Dr. Lin: In the paper, we discuss the impacts of CLBP (chronic low back pain) on daily life activities, emotional, and cultural well-being of Aboriginal men and women in rural and remote areas of Western Australia. In this study, we were looking at the impacts of CLBP and not whether or not they preceded or arose as a result of CLBP. We know that emotional factors such as pre-existing psychological distress increases the risk of developing an episode of LBP, can arise as a result of LBP, or prolong an episode of LBP. It is likely that this was the case with the emotional impacts we found in this study, however this wasn’t what we were investigating.
In another paper we suggest that disabling CLBP may be iatrogenic. This is because Aboriginal men and women who we interviewed had a number of misperceptions about the nature/cause of their pain. In many cases, these misperceptions originated from contact with health practitioners. These misperceptions, or maladaptive beliefs about pain (e.g. ‘I’ll end up in a wheelchair’, ‘my back is stuffed’), can be disabling because they increase fear and maladaptive coping. These beliefs can result in poorer outcome for Aboriginal people with LBP.
“Good quality clinical care is about providing care that is ‘scientifically’ sound and also meets the individual and cultural needs of the individual patient.
What questions should future research investigate and why?
Dr. Lin: There’s not one single question for future research. We believe that the issue of disparities in care is important and are continuing work that is investigating and aiming to improve the quality of health care Aboriginal people with musculoskeletal pain receive. Good quality clinical care is about providing care that is ‘scientifically’ sound and also meets the individual and cultural needs of the individual patient. Currently, a lot of healthcare [professionals] don't do this, and so this is what we would like to positively influence in our work.

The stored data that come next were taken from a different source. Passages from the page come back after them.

(* Let $A$ and $B$ be real $n\times n$ matrices, and suppose there exists a real $n\times n$ matrix $X$ such that $AB-BA\geq I-X$ (entrywise). Then: (i) $\operatorname{tr}(X)\geq n$; (ii) $r(X)\geq1$, and consequently $\|X\|\geq1$ for the operator norm induced by any norm on $\mathbb R^n$; (iii) if $X$ is idempotent ($X^2=X$), then $X=I$.
   Context: Real $n\times n$ matrices are ordered entrywise: $X\leq Y$ means $x_{ij}\leq y_{ij}$ for all $i,j$. $I$ is the $n\times n$ identity matrix, $\operatorname{tr}$ the trace, and $r(X)$ the spectral radius of $X$ (maximum modulus of its complex eigenvalues). *)

From HB Require Import structures.
From mathcomp Require Import all_boot all_order all_algebra.
From mathcomp Require Import classical_sets reals.
From mathcomp.real_closed Require Import complex.
Set Implicit Arguments. Unset Strict Implicit. Unset Printing Implicit Defensive.
Import Order.TTheory GRing.Theory Num.Theory.
Local Open Scope ring_scope.
Local Open Scope classical_set_scope.

Definition cmod (R : rcfType) (z : R[i]) : R :=
  Num.sqrt (complex.Re z ^+ 2 + complex.Im z ^+ 2).

Definition complex_eigenvalue (R : rcfType) (n : nat) (X : 'M[R]_n) (l : R[i]) : Prop :=
  eigenvalue (map_mx (fun x : R => (x%:C)%C) X) l.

This is something that is well known, complex, and cuts across all aspects of health including pain. Although the link between the disadvantages described above is well established, what to do about it is less well known. It is a large, complicated, and important area of research.
At the end of the day, aside from learning how socio-cultural factors can influence how certain populations perceive pain, I learned the proper way to address Indigenous Australians.